Luis Trujillo

Personal information
- Full name: Luis Enrique Trujillo Ortiz
- Date of birth: December 27, 1990 (age 34)
- Place of birth: Talara, Peru
- Height: 1.74 m (5 ft 9 in)
- Position(s): Left-back, left winger

Team information
- Current team: Santos de Nasca
- Number: 27

Youth career
- Alianza Lima

Senior career*
- Years: Team / Apps / (Gls)
- 2007–2011: Alianza Lima / 82 / (8)
- 2012: Juan Aurich / 31 / (1)
- 2013–2016: Alianza Lima / 207 / (15)
- 2017–2018: Sport Huancayo / 59 / (5)
- 2019: Ayacucho / 19 / (0)
- 2020: Cienciano / 25 / (3)
- 2021–2023: UTC / 71 / (6)
- 2024: Union Comercio / 14 / (0)
- 2024–: Santos de Nasca / 5 / (0)

International career
- 2009–2011: Peru / 5 / (0)

= Luis Trujillo (Peruvian footballer) =

Peruvian footballer (born 1990)

Luis Enrique Trujillo Ortiz (born December 27, 1990) is a Peruvian professional footballer who plays as a left back or left winger for Santos de Nasca in the Liga 2.

==Club career==
===Alianza Lima===
Trujillo made his Torneo Descentralizado league debut for Alianza Lima in the last game of the 2007 season on December 16, 2007, at the age of 16. In his debut match, he started from the beginning and scored two goals to help Alianza win 6–0 at home against Deportivo Municipal.
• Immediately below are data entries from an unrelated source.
(* Let $\mathfrak{g}$ be a real solvable Lie algebra of dimension $2n$ with basis $\{X_1,\dots,X_{4m},\dots,X_{2n}\}$ such that $b_1(\mathfrak{g})=4m$, and let $E$ be a paracomplex structure on $\mathfrak{g}$ with eigenspace decomposition $\mathfrak{g}=\mathfrak{g}_+\oplus\mathfrak{g}_-$. Suppose 1. $X_i\notin D^1\mathfrak{g}=[\mathfrak{g},\mathfrak{g}]$ for $1\le i\le 4m$; 2. $X_i\in\mathfrak{g}_+$ for $1\le i\le 2m$ and $X_i\in\mathfrak{g}_-$ for $2m+1\le i\le 4m$; 3. $b_1(\mathfrak{g}_+)=b_1(\mathfrak{g}_-)=2m$. Then $\mathfrak{g}_+\underline{\times}\mathfrak{g}_-$ admits a paracomplex structure.
   Context: All Lie algebras are finite-dimensional over $\mathbb{R}$; $b_1(\mathfrak{h})=\dim\mathfrak{h}/[\mathfrak{h},\mathfrak{h}]$. A product structure on a Lie algebra $\mathfrak{g}$ is a linear map $E:\mathfrak{g}\to\mathfrak{g}$ with $E^2=\mathrm{id}$, $E\ne\pm\mathrm{id}$, satisfying $E[X,Y]=[E(X),Y]+[X,E(Y)]-E[E(X),E(Y)]$ for all $X,Y$; then the eigenspaces $\mathfrak{g}_+$ (eigenvalue $1$) and $\mathfrak{g}_-$ (eigenvalue $-1$) are subalgebras and $\mathfrak{g}=\mathfrak{g}_+\oplus\mathfrak{g}_-$. A paracomplex structure is a product structure with $\dim\mathfrak{g}_+=\dim\mathfrak{g}_-$. Product by generators: for Lie algebras $\mathfrak{h}_1,\mathfrak{h}_2$ with $m_i=b_1(\mathfrak{h}_i)$, choose linear forms $\omega_1,\dots,\omega_{m_1}$ on $\mathfrak{h}_1$ vanishing on $[\mathfrak{h}_1,\mathfrak{h}_1]$ and inducing a basis of $(\mathfrak{h}_1/[\mathfrak{h}_1,\mathfrak{h}_1])^*$, similarly $\omega'_1,\dots,\omega'_{m_2}$ for $\mathfrak{h}_2$; $\mathfrak{h}_1\underline{\times}\mathfrak{h}_2$ is the Lie algebra on $\mathfrak{h}_1\oplus\mathfrak{h}_2\oplus\mathbb{R}^{m_1m_2}$ (basis $Z_{ij}$ of the last summand) whose bracket restricts to the given brackets on $\mathfrak{h}_1$ and $\mathfrak{h}_2$, with $Z_{ij}$ central and $[x,y]=\sum_{i,j}\omega_i(x)\omega'_j(y)Z_{ij}$ for $x\in\mathfrak{h}_1$, $y\in\mathfrak{h}_2$. *)

(* Finite-dimensional real Lie algebras are represented in
   coordinates: a Lie algebra of dimension d is a bracket on 'rV[R]_d.
   Linear maps act on row vectors on the right: v |-> v *m E. *)
From HB Require Import structures.
From mathcomp Require Import all_boot all_order all_algebra.
From mathcomp Require Import reals.
Set Implicit Arguments. Unset Strict Implicit. Unset Printing Implicit Defensive.
Import Order.TTheory GRing.Theory Num.Theory.
Local Open Scope ring_scope.

Section Lie.
Variable R : realType.

Definition bracket (d : nat) := 'rV[R]_d -> 'rV[R]_d -> 'rV[R]_d.

Definition is_lie d (br : bracket d) : Prop :=
  [/\ (forall (a : R) u v w, br (a *: u + v) w = a *: br u w + br v w),
      (forall (a : R) u v w, br w (a *: u + v) = a *: br w u + br w v),
      (forall u, br u u = 0) &
      (forall u v w, br u (br v w) + br v (br w u) + br w (br u v) = 0)].
(* Let $\kappa\ge 3$ and $n\ge 1$ be integers, $r=\lfloor(\kappa-2)/2\rfloor$, $r'=\lceil(\kappa-2)/2\rceil$, and let $F$ be a field. Let $p=(p_m)_{m\in\mathbb Z}$, $q=(q_m)_{m\in\mathbb Z}$ be $n$-periodic sequences in $F$, and write $(p^{(k)},q^{(k)})=\Phi^k(p,q)$ for $k\in\mathbb Z$, where $\Phi$ is the map defined below; assume all these iterates are defined (no division by zero occurs). Let $Y:\{(i,j,k)\in\mathbb Z^3: i+j+k\equiv 0 \bmod 2\}\to F\setminus\{0,-1\}$ satisfy the $Y$-system $$Y_{i,j,k+1}Y_{i,j,k-1}=\frac{(1+Y_{i+1,j,k})(1+Y_{i-1,j,k})}{(1+Y_{i,j+1,k}^{-1})(1+Y_{i,j-1,k}^{-1})}\quad\text{for all }(i,j,k)\text{ with } i+j+k\text{ odd},$$ with initial conditions $$Y_{i,j,-1}=\Big(q_{((\kappa-2)i+\kappa j+r-r')/2}\Big)^{-1}\ (i+j\text{ odd}),\qquad Y_{i,j,0}=p_{((\kappa-2)i+\kappa j)/2}\ (i+j\text{ even}).$$ Then for all $i,j,k\in\mathbb Z$: $$p^{(k)}_{((\kappa-2)i+\kappa j+k(r-r'))/2}=Y_{i,j,k}\quad\text{if } i+j+k\equiv 0\bmod 2,$$ $$q^{(k)}_{((\kappa-2)i+\kappa j+(k+1)(r-r'))/2}=Y_{i,j,k-1}^{-1}\quad\text{if } i+j+k\equiv 1\bmod 2.$$
   Context: The map $\Phi$ (the higher pentagram map $T_\kappa$ written in the $(p,q)$ coordinates of twisted $n$-gons) sends a pair of $n$-periodic sequences $(p,q)$ to $(p',q')$ with $$q'_m=p_{m+r'-r}^{-1},\qquad p'_m=q_m\,\frac{(1+p_{m-r})(1+p_{m+r'})}{(1+p_{m-r-1}^{-1})(1+p_{m+r'+1}^{-1})}.$$ $\Phi$ is invertible where defined (one recovers $p$ from $q'$ and then $q$ from $p'$), and for $k<0$, $\Phi^k$ denotes the $|k|$-fold iterate of $\Phi^{-1}$. All subscripts appearing are integers. *)

From HB Require Import structures.
From mathcomp Require Import all_boot all_order all_algebra.
Set Implicit Arguments. Unset Strict Implicit. Unset Printing Implicit Defensive.
Import Order.TTheory GRing.Theory Num.Theory.
Local Open Scope ring_scope.

Definition rr (kappa : nat) : int := ((kappa - 2)./2)%N%:Z.
Definition rr' (kappa : nat) : int := (uphalf (kappa - 2))%N%:Z.

Section Pent.
Variable F : fieldType.
Variable kappa : nat.
Notation r := (rr kappa).
Notation r' := (rr' kappa).

Definition pqseq := ((int -> F) * (int -> F))%type.

Definition Phi (pq : pqseq) : pqseq :=
  let p := pq.1 in let q := pq.2 in
  (fun m => q m * ((1 + p (m - r)) * (1 + p (m + r')))
                 / ((1 + (p (m - r - 1))^-1) * (1 + (p (m + r' + 1))^-1)),
   fun m => (p (m + r' - r))^-1).

Definition Phi_dom (pq : pqseq) : Prop :=
  forall m : int, pq.1 m != 0 /\ 1 + (pq.1 m)^-1 != 0.

Definition PhiInv (pq' : pqseq) : pqseq :=
  let p' := pq'.1 in let q' := pq'.2 in
  let p := fun m => (q' (m - r' + r))^-1 in
  (p,
   fun m => p' m * ((1 + (p (m - r - 1))^-1) * (1 + (p (m + r' + 1))^-1))
                 / ((1 + p (m - r)) * (1 + p (m + r')))).

Definition PhiInv_dom (pq' : pqseq) : Prop :=
  forall m : int, pq'.2 m != 0 /\ 1 + (pq'.2 (m - r' + r))^-1 != 0.

Definition Phi_pow (k : int) (pq : pqseq) : pqseq :=
  match k with
  | Posz n => iter n Phi pq
  | Negz n => iter n.+1 PhiInv pq
  end.

End Pent.

Definition periodic (F : Type) (n : nat) (s : int -> F) : Prop :=
  forall m : int, s (m + n%:Z) = s m.

From HB Require Import structures.
From mathcomp Require Import all_boot all_order all_algebra.
From mathcomp Require Import zify ring.
Import Order.TTheory GRing.Theory Num.Theory.
Local Open Scope ring_scope.

(* The lattice point (i, j, k) of the Y-system sits at position [pent_index kappa i j k]
   of the k-th iterate; moving to a neighbour (i +- 1, j) or (i, j +- 1) of the
   slice k shifts this position by exactly the offsets -r, r', -r-1, r'+1 occurring
   in Phi, so one application of Phi (resp. Phi^{-1}) is one step k -> k+1 (resp.
   k+1 -> k) of the Y-system.  Induction on k in both directions from the initial
   slices k = -1, 0 gives the theorem. *)

Definition pent_index (kappa : nat) (i j k : int) : int :=
  (((kappa%:Z - 2) * i + kappa%:Z * j + k * (rr kappa - rr' kappa)) %/ 2)%Z.

Definition encodes_slice (kappa : nat) (F : fieldType) (Y : int -> int -> int -> F)
    (pq : pqseq F) (k : int) : Prop :=
  (forall i j : int, (2 %| i + j + k)%Z -> pq.1 (pent_index kappa i j k) = Y i j k) /\
  (forall i j : int, ~~ (2 %| i + j + k)%Z ->
      pq.2 (pent_index kappa i j (k + 1)) = (Y i j (k - 1))^-1).

Arguments encodes_slice kappa {F} Y pq k.

Section PentIndex.
Variable kappa : nat.
Hypothesis kappa_ge2 : (2 <= kappa)%N.
Notation r := (rr kappa).
Notation r' := (rr' kappa).
Notation idx := (pent_index kappa).

Lemma rr_add_rr' : r + r' = kappa%:Z - 2.
Proof. rewrite /rr /rr'; lia. Qed.

Lemma pent_index_iS i j k : idx (i + 1) j k = idx i j (k + 1) + r'.
Proof. move: rr_add_rr'; rewrite /pent_index; lia. Qed.

Lemma pent_index_iN i j k : idx (i - 1) j k = idx i j (k + 1) - r.
Proof. move: rr_add_rr'; rewrite /pent_index; lia. Qed.

Lemma pent_index_jS i j k : idx i (j + 1) k = idx i j (k + 1) + r' + 1.
Proof. move: rr_add_rr'; rewrite /pent_index; lia. Qed.

Lemma pent_index_jN i j k : idx i (j - 1) k = idx i j (k + 1) - r - 1.
Proof. move: rr_add_rr'; rewrite /pent_index; lia. Qed.

Lemma pent_index_kSS i j k : idx i j (k + 1 + 1) = idx i j k - r' + r.
Proof. move: rr_add_rr'; rewrite /pent_index; lia. Qed.

End PentIndex.

Lemma addr1_neq0 (F : fieldType) (y : F) : y != -1 -> 1 + y != 0.
Proof. by move=> yN1; rewrite addrC addr_eq0. Qed.

Lemma add1rV_neq0 (F : fieldType) (y : F) : y != 0 -> y != -1 -> 1 + y^-1 != 0.
Proof.
move=> y0 yN1; have -> : 1 + y^-1 = (1 + y) / y by rewrite mulrDl mul1r divff // addrC.
by rewrite mulf_neq0 ?invr_eq0 ?addr1_neq0.
Qed.

Lemma PhiInv_snd (F : fieldType) (kappa : nat) (pq : pqseq F) (m : int) :
  let p := (PhiInv kappa pq).1 in
  (PhiInv kappa pq).2 m =
    pq.1 m * ((1 + (p (m - rr kappa - 1))^-1) * (1 + (p (m + rr' kappa + 1))^-1))
    / ((1 + p (m - rr kappa)) * (1 + p (m + rr' kappa))).
Proof. by []. Qed.

Section YSystem.
Variables (F : fieldType) (Y : int -> int -> int -> F).
Hypothesis Y_generic : forall i j k : int, (2 %| i + j + k)%Z -> Y i j k != 0 /\ Y i j k != -1.
Hypothesis Y_system : forall i j k : int, ~~ (2 %| i + j + k)%Z ->
     Y i j (k + 1) * Y i j (k - 1) =
     (1 + Y (i + 1) j k) * (1 + Y (i - 1) j k)
       / ((1 + (Y i (j + 1) k)^-1) * (1 + (Y i (j - 1) k)^-1)).

Lemma Y_system_next i j k : ~~ (2 %| i + j + k)%Z ->
  Y i j (k + 1) = (Y i j (k - 1))^-1 * ((1 + Y (i - 1) j k) * (1 + Y (i + 1) j k))
                  / ((1 + (Y i (j - 1) k)^-1) * (1 + (Y i (j + 1) k)^-1)).
Proof.
move=> odd_ijk; case: (Y_generic i j (k - 1)) => [|Y0 _]; first lia.
rewrite -[LHS](mulfK Y0) Y_system // mulrC mulrA.
by rewrite (mulrC (1 + Y (i + 1) j k)) (mulrC (1 + (Y i (j + 1) k)^-1)).
Qed.

Lemma Y_system_prev i j k : ~~ (2 %| i + j + k)%Z ->
  (Y i j (k - 1))^-1 = Y i j (k + 1) * ((1 + (Y i (j - 1) k)^-1) * (1 + (Y i (j + 1) k)^-1))
                       / ((1 + Y (i - 1) j k) * (1 + Y (i + 1) j k)).
Proof.
move=> odd_ijk; rewrite Y_system_next //.
case: (Y_generic i j (k - 1)) => [|Y0 _]; first lia.
case: (Y_generic (i - 1) j k) => [|_ Yi1]; first lia.
case: (Y_generic (i + 1) j k) => [|_ Yi'1]; first lia.
case: (Y_generic i (j - 1) k) => [|Yj0 Yj1]; first lia.
case: (Y_generic i (j + 1) k) => [|Yj'0 Yj'1]; first lia.
field; rewrite Y0 Yj0 Yj'0 [Y i (j + 1) k + 1]addrC [Y i (j - 1) k + 1]addrC.
by rewrite !addr1_neq0.
Qed.

Variable kappa : nat.
Hypothesis kappa_ge2 : (2 <= kappa)%N.

Lemma encodes_slice_Phi pq k :
  encodes_slice kappa Y pq k -> encodes_slice kappa Y (Phi kappa pq) (k + 1).
Proof.
case=> enc_p enc_q; split=> i j ijk /=.
- rewrite -pent_index_jN // -pent_index_jS // -pent_index_iN // -pent_index_iS //.
  rewrite enc_q; last lia.
  by rewrite !enc_p ?Y_system_next //; lia.
- rewrite pent_index_kSS // (addrAC _ (rr kappa)) subrK addrK enc_p; last lia.
  by rewrite addrK.
Qed.

Lemma encodes_slice_PhiInv pq k :
  encodes_slice kappa Y pq (k + 1) -> encodes_slice kappa Y (PhiInv kappa pq) k.
Proof.
case=> enc_p enc_q.
have enc_p' i j : (2 %| i + j + k)%Z -> (PhiInv kappa pq).1 (pent_index kappa i j k) = Y i j k.
  move=> ijk; rewrite /= -pent_index_kSS // enc_q; last lia.
  by rewrite addrK invrK.
split=> // i j ijk; rewrite PhiInv_snd.
rewrite -pent_index_jN // -pent_index_jS // -pent_index_iN // -pent_index_iS //.
rewrite enc_p; last lia.
by rewrite !enc_p' ?Y_system_prev //; lia.
Qed.

Lemma encodes_slice_Phi_pow pq :
  encodes_slice kappa Y pq 0 -> forall k : int, encodes_slice kappa Y (Phi_pow kappa k pq) k.
Proof.
move=> enc0 [] m /=.
- elim: m => [|m IH] //=.
  by rewrite -addn1 PoszD; apply: encodes_slice_Phi.
- elim: m => [|m IH].
    by apply: encodes_slice_PhiInv; rewrite NegzE addNr.
  rewrite iterS; apply: encodes_slice_PhiInv.
  by have -> : Negz m.+1 + 1 = Negz m by rewrite !NegzE; lia.
Qed.

End YSystem.

Theorem mainTheorem1 (kappa n : nat) (F : fieldType)
    (p q : int -> F) (Y : int -> int -> int -> F) :
  (3 <= kappa)%N -> (1 <= n)%N ->
  periodic n p -> periodic n q ->
  (* all iterates Phi^k (p,q), k in Z, are defined *)
  (forall k : nat, Phi_dom (iter k (Phi kappa) (p, q))
                   /\ PhiInv_dom kappa (iter k (PhiInv kappa) (p, q))) ->
  (* Y takes values in F \ {0,-1} on its domain *)
  (forall i j k : int, (2 %| i + j + k)%Z -> Y i j k != 0 /\ Y i j k != -1) ->
  (* the Y-system *)
  (forall i j k : int, ~~ (2 %| i + j + k)%Z ->
     Y i j (k + 1) * Y i j (k - 1) =
     (1 + Y (i + 1) j k) * (1 + Y (i - 1) j k)
       / ((1 + (Y i (j + 1) k)^-1) * (1 + (Y i (j - 1) k)^-1))) ->
  (* initial conditions *)
  (forall i j : int, ~~ (2 %| i + j)%Z ->
     Y i j (-1) = (q ((((kappa%:Z - 2) * i + kappa%:Z * j
                        + rr kappa - rr' kappa) %/ 2)%Z))^-1) ->
  (forall i j : int, (2 %| i + j)%Z ->
     Y i j 0 = p ((((kappa%:Z - 2) * i + kappa%:Z * j) %/ 2)%Z)) ->
  forall i j k : int,
    ((2 %| i + j + k)%Z ->
       (Phi_pow kappa k (p, q)).1
         ((((kappa%:Z - 2) * i + kappa%:Z * j + k * (rr kappa - rr' kappa)) %/ 2)%Z)
       = Y i j k) /\
    (~~ (2 %| i + j + k)%Z ->
       (Phi_pow kappa k (p, q)).2
         ((((kappa%:Z - 2) * i + kappa%:Z * j + (k + 1) * (rr kappa - rr' kappa)) %/ 2)%Z)
       = (Y i j (k - 1))^-1).
Proof.
move=> kappa_ge3 _ _ _ _ Y_generic Y_system Y_init_q Y_init_p i j k.
have kappa_ge2 : (2 <= kappa)%N by apply: ltnW.
have enc0 : encodes_slice kappa Y (p, q) 0.
  split=> i' j' /=; rewrite addr0 => ij.
  - by rewrite Y_init_p // /pent_index mul0r addr0.
  - by rewrite sub0r Y_init_q ?invrK // /pent_index mul1r addrA.
have [enc_p enc_q] := @encodes_slice_Phi_pow F Y Y_generic Y_system kappa kappa_ge2 _ enc0 k.
by split; [exact: enc_p | exact: enc_q].
Qed.
(* Let $G=(V,E)$ be a graph, let $W\subseteq V$ be a vertex cover of $G$, and let $S\subseteq V$ be a minimal separator of $G$. Let $(D_1,S,D_2)$ be a partition of $V$ such that each of $D_1$ and $D_2$ is a union of connected components of $G-S$, and each of $D_1$ and $D_2$ contains at least one full component associated to $S$. Put $D_1^W=D_1\cap W$ and $D_2^W=D_2\cap W$. Then $$S\setminus W=\{x\in V\setminus W \mid N(x)\cap D_1^W\neq\emptyset \text{ and } N(x)\cap D_2^W\neq\emptyset\}.$$
   Context: All graphs are finite, simple and undirected. $N(x)$ is the open neighborhood of $x$; for $S\subseteq V$, $N(S)=\bigcup_{v\in S}N(v)\setminus S$; $G-S$ is the subgraph induced by $V\setminus S$. A connected component is the vertex set of a maximal connected induced subgraph. A vertex set $W$ is a vertex cover if every edge has an endpoint in $W$. For vertices $u,v$, a set $S$ is a $u,v$-separator if $u,v$ lie in different components of $G-S$; it is a minimal $u,v$-separator if it is inclusion-minimal among $u,v$-separators; $S$ is a minimal separator of $G$ if it is a minimal $u,v$-separator for some $u,v$. A component $C$ of $G-S$ is a full component associated to $S$ if $N(C)=S$. *)

From mathcomp Require Import all_boot.
Set Implicit Arguments. Unset Strict Implicit. Unset Printing Implicit Defensive.

Section Graphs.
Variable T : finType.
Variable e : rel T.

Definition simple_graph : Prop := symmetric e /\ irreflexive e.

Definition nbhd (x : T) : {set T} := [set y | e x y].

Definition nbhd_set (S : {set T}) : {set T} :=
  (\bigcup_(v in S) nbhd v) :\: S.

Definition del_rel (S : {set T}) : rel T :=
  fun a b => [&& e a b, a \notin S & b \notin S].

(* the connected component of G - S containing x (meaningful for x \notin S) *)
Definition comp_of (S : {set T}) (x : T) : {set T} :=
  [set y | connect (del_rel S) x y].

Definition is_component (S C : {set T}) : Prop :=
  exists2 x, x \notin S & C = comp_of S x.

Definition vertex_cover (W : {set T}) : Prop :=
  forall x y, e x y -> (x \in W) || (y \in W).

Definition separates (S : {set T}) (u v : T) : Prop :=
  [/\ u \notin S, v \notin S & v \notin comp_of S u].

Definition min_separates (S : {set T}) (u v : T) : Prop :=
  separates S u v /\ (forall S' : {set T}, S' \proper S -> ~ separates S' u v).

Definition minimal_separator (S : {set T}) : Prop :=
  exists u v, min_separates S u v.

Definition full_component (S C : {set T}) : Prop :=
  is_component S C /\ nbhd_set C = S.

Definition union_of_components (S D : {set T}) : Prop :=
  forall x, x \in D -> x \notin S /\ comp_of S x \subset D.

End Graphs.

(* A vertex x of S outside the cover W has a neighbour in each full
   component (S is their neighbourhood), and that neighbour lies in W since
   the edge must be covered.  Conversely, a vertex with neighbours in both D1
   and D2 cannot lie in either of them: both are unions of components of
   G - S, so no edge leaves D1 or D2 except towards S. *)
From mathcomp Require Import all_boot.

Set Implicit Arguments. Unset Strict Implicit. Unset Printing Implicit Defensive.

Section VertexCoverAndSeparator.
Variables (T : finType) (e : rel T).

Lemma nbhd_setP (C : {set T}) x :
  symmetric e -> x \in nbhd_set e C -> exists2 v, v \in C & e x v.
Proof.
move=> esym; rewrite inE => /andP [_ /bigcupP [v vC]].
by rewrite inE esym => exv; exists v.
Qed.

Lemma vertex_cover_nbhd_meet (W C D : {set T}) x :
  symmetric e -> vertex_cover e W -> C \subset D ->
  x \in nbhd_set e C -> x \notin W -> nbhd e x :&: (D :&: W) != set0.
Proof.
move=> esym vc sCD /(nbhd_setP esym) [v vC exv] xW.
have vW : v \in W by have := vc _ _ exv; rewrite (negbTE xW).
by apply/set0Pn; exists v; rewrite !inE exv (subsetP sCD _ vC) vW.
Qed.

Lemma union_of_components_adj (S D : {set T}) x y :
  union_of_components e S D -> x \in D -> y \notin S -> e x y -> y \in D.
Proof.
move=> uD xD yS exy; have [xS sub] := uD x xD.
by apply: (subsetP sub); rewrite inE; apply: connect1; rewrite /del_rel exy xS.
Qed.

Lemma union_of_components_no_edge (S D D' : {set T}) x y :
  union_of_components e S D -> [disjoint D & D'] -> [disjoint D' & S] ->
  x \in D -> y \in D' -> ~~ e x y.
Proof.
move=> uD dDD' dD'S xD yD'; apply/negP => exy.
have yD : y \in D by apply: union_of_components_adj uD xD _ exy;
  rewrite (disjointFr dD'S yD').
by rewrite (disjointFr dDD' yD) in yD'.
Qed.

End VertexCoverAndSeparator.

Theorem lemma1 (T : finType) (e : rel T) (W S D1 D2 : {set T}) :
  simple_graph e ->
  vertex_cover e W ->
  minimal_separator e S ->
  (* (D1, S, D2) is a partition of V *)
  [disjoint D1 & S] -> [disjoint D2 & S] -> [disjoint D1 & D2] ->
  D1 :|: S :|: D2 = [set: T] ->
  union_of_components e S D1 ->
  union_of_components e S D2 ->
  (exists C, full_component e S C /\ C \subset D1) ->
  (exists C, full_component e S C /\ C \subset D2) ->
  S :\: W =
    [set x in ~: W | (nbhd e x :&: (D1 :&: W) != set0)
                     && (nbhd e x :&: (D2 :&: W) != set0)].
Proof.
move=> [esym _] vc _ d1S d2S d12 cov u1 u2 [C1 [[_ fC1] sC1]] [C2 [[_ fC2] sC2]].
apply/setP => x; rewrite !inE; case xW: (x \in W) => //=.
apply/idP/idP => [xS | /andP [/set0Pn [a] + /set0Pn [b]]].
  by rewrite (vertex_cover_nbhd_meet esym vc sC1) ?(vertex_cover_nbhd_meet esym vc sC2)
    ?fC1 ?fC2 ?xW.
rewrite !inE => /and3P [exa aD1 _] /and3P [exb bD2 _].
have : x \in D1 :|: S :|: D2 by rewrite cov inE.
rewrite !inE => /orP [/orP [xD1 | //] | xD2].
- by have := union_of_components_no_edge u1 d12 d2S xD1 bD2; rewrite exb.
- have d21 : [disjoint D2 & D1] by rewrite disjoint_sym.
  by have := union_of_components_no_edge u2 d21 d1S xD2 aD1; rewrite exa.
Qed.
On February 24, 2011, he was declared a free player since Alianza Lima did not pay his salary for three months.

===Juan Aurich===
On February 27, 2012, Trujillo joined Chiclayo-based club Juan Aurich for the start of the 2012 season. He joined as a free player and signed a two-year contract with the 2011 Descentralizado champions.

==International career==
Trujillo played for the Peru national team at the 2007 FIFA U-17 World Cup in the Republic of Korea, and has moved up to play for the senior side in the 2010 FIFA World Cup qualifying rounds.